Мара вытащила телефон из кармана шорт, мельком глянула на него, скорее по привычке, чем по необходимости, и засунула обратно.
– Скажи мне вот что, – она откинулась на спинку стула. – Какого черта эта дура защищает Альберта? Перец неплохо так устроился: притворился простолюдином, соблазнил крестьянку, довел до сердечного приступа и спокойненько вернулся к… как ее там, Матильде…
– Батильде.
– Да без разницы. Эти, значит, вилисы затанцовывают до смерти мужика, который правду рассказал, а за Альберта Жизель вдруг вступается. То есть ей же теперь из-за него по ночам на кладбище плясать! Ну не верю я в такую любовь. Хоть убей. Все-про-ща-ю-щую.
Лия смотрела на черные вязаные гетры, обтягивающие ноги Мары. Они были похожи на застывшую смолу.
– Наверное, мы и приходим в этот мир, чтобы научиться прощать, – тихо сказала Лия. – В первую очередь себя.
– Себя?
– Да, себя. За то, что мы люди, такие, какие есть. Не… Несовершенные. Если простим себя, научимся прощать и других за их несовершенства.
Мара закатила глаза.
– Ту мач.
Лия пожала плечами. Мара вытащила пачку сигарет.
– Черт, курить охота. Я пойду, ладно?
Остановилась в дверях, будто только сейчас вспомнила, зачем пришла. Зажала в зубах незажженную сигарету и кивнула на забинтованные култышки.

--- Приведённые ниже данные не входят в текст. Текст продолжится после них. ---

Section Img.
Variable (A : algType CC).
(* f : values of a linear map phi : L_r -> A on the basis B
   (f i j m n = phi (v^{ij}(m,n)), only meaningful for isB i j m n),
   z = phi(1), the image of the central basis vector 1 of L. *)
Variables (f : nat -> nat -> int -> int -> A) (z : A).

(* phi applied to (pi_1(x) + s * pi_2(x)) where x = v^{ij}(m,n) in L.
   With s = 1 this is phi(v^{ij}(m,n)); with s = r it is the image of the
   element pi_1 + r pi_2 used in the bracket [.,.]_r. *)
Definition img (s : CC) (i j : nat) (m n : int) : A :=
  let: (i', j', m', n', c) := nf i j m n in f i' j' m' n' + (s * c%:~R) *: z.

(* [v^i(m), v^k(l)] = delta_{ik} delta_{m+l,0} m in \hat h (with c = 1). *)
Definition sc (i : nat) (m : int) (k : nat) (l : int) : int :=
  if (i == k) && (m + l == 0) then m else 0.

(* phi([v^{ij}(m,n), v^{kl}(m',n')]_r), computed from
   [xy,zw] = [y,z] xw + [y,w] xz + [x,z] wy + [x,w] zy in A. *)
Definition brr (r : CC) (i j : nat) (m n : int) (k l : nat) (m' n' : int) : A :=
  (img r i l m n') *~ sc j n k m' + (img r i k m m') *~ sc j n l n'
  + (img r l j n' n) *~ sc i m k m' + (img r k j m' n) *~ sc i m l n'.

(* (f, z) defines a Lie algebra homomorphism L_r -> (A, commutator):
   phi is defined on the basis B \cup {1} and extended linearly. *)
Definition lie_hom (d : nat) (r : CC) : Prop :=
  (forall i j k l m n m' n',
     (1 <= i <= d)%N -> (1 <= j <= d)%N -> (1 <= k <= d)%N -> (1 <= l <= d)%N ->
     isB i j m n -> isB k l m' n' ->
     f i j m n * f k l m' n' - f k l m' n' * f i j m n = brr r i j m n k l m' n')
  /\ (forall i j m n, (1 <= i <= d)%N -> (1 <= j <= d)%N -> isB i j m n ->
        z * f i j m n - f i j m n * z = 0).

(* phi(v(m,n)) with v = v^{11}. *)
Definition vv (m n : int) : A := img 1 1 1 m n.

Definition detVp (p : nat) : A :=
  \sum_(s : 'S_p) ((-1) ^+ s : CC) *:
     \prod_(q < p) vv (- (q.+1%:Z)) (- ((s q).+1%:Z)).

End Img.

From mathcomp Require Import all_boot all_algebra all_fingroup.
From mathcomp Require Import reals Rstruct complex.
From mathcomp Require Import zify.
Set Implicit Arguments. Unset Strict Implicit. Unset Printing Implicit Defensive.
Import GRing.Theory Num.Theory.
Local Open Scope ring_scope.

(* Write y = v(-m,n). For s, t > 0 one has
   [y, v(-s,-t)] = n (delta_{n,s} v(-m,-t) + delta_{n,t} v(-m,-s)),
   a combination of entries of V_p, and the entries of V_p commute. The Leibniz
   rule therefore gives [y, det V_p] = 0 when n is not in [1, p], and otherwise
   n times the sum of two row determinants: V_p with its n-th row replaced by
   its m-th row, and V_p with its n-th column replaced by its m-th column. As
   m <> n, both have a repeated row or column and vanish. *)

Section CommutingProducts.
Variables (R : pzRingType) (I : eqType) (F : I -> R).
Hypothesis F_comm : forall i j, GRing.comm (F i) (F j).

Lemma big_rem_comm (r : seq I) x : x \in r ->
  \prod_(i <- r) F i = F x * \prod_(i <- rem x r) F i.
Proof.
elim: r => [//|y r IH]; rewrite inE big_cons /=.
have [-> //|nyx /= xr] := eqVneq y x.
by rewrite big_cons IH // !mulrA F_comm.
Qed.

Lemma perm_big_comm (r1 r2 : seq I) : perm_eq r1 r2 ->
  \prod_(i <- r1) F i = \prod_(i <- r2) F i.
Proof.
elim: r1 r2 => [|x r1 IH] r2 P.
  by move: P; rewrite perm_sym => /perm_nilP ->.
have xr2 : x \in r2 by rewrite -(perm_mem P) mem_head.
rewrite big_cons (big_rem_comm xr2) (IH (rem x r2)) //.
by rewrite -(perm_cons x) (permPl P) perm_to_rem.
Qed.

End CommutingProducts.

Section CommutingFinProducts.
Variables (R : pzRingType) (I : finType) (F : I -> R).
Hypothesis F_comm : forall i j, GRing.comm (F i) (F j).

Lemma bigD1_comm i0 : \prod_i F i = F i0 * \prod_(i | i != i0) F i.
Proof.
rewrite (big_rem_comm F_comm (mem_index_enum i0)).
by rewrite rem_filter ?index_enum_uniq // big_filter.
Qed.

– Один плюс в твоем положении все-таки есть.
– Какой? – удивилась Лия.
– Теперь хотя бы ноги брить не надо.
Лия смеялась так долго, что на глазах выступили слезы.
– Вы чувствуете? Чувствуете запах?
Они ведут носом, видимо пытаясь уловить запах дыма. Незаметно приподнимают руки и нюхают подмышки. Неужели от них так несет пoтом, что Варшавский останавливает репетицию, учуяв из кабинета этажом выше?
– Так пахнут квартиры стариков.
Варшавский вышагивает между рядами солдат в белых трико, которые стоят смирно в первой позиции. Прямая спина, очки, начищенные коричневые ботинки, хотя в ботинках сюда нельзя.
– Вы слышали, Театр на Таганке снесли? – спрашивает он как бы между прочим, будто не отрепетировал речь заранее. – Вырвали кресла
с мясом, растащили декорации и… Бам! – хлопок в ладоши. – Нет театра.Солистка, та, которая в золотистых чунях, усмехается, но под взглядом Варшавского вытягивается по струнке.
– Театр на Никитской закрыли. Сатиру. Новую оперу. Никто больше не ходит на оперу. Никто больше не ходит в театр. – Он останавливается в центре зала. – Как думаете, когда дойдет очередь до нашего?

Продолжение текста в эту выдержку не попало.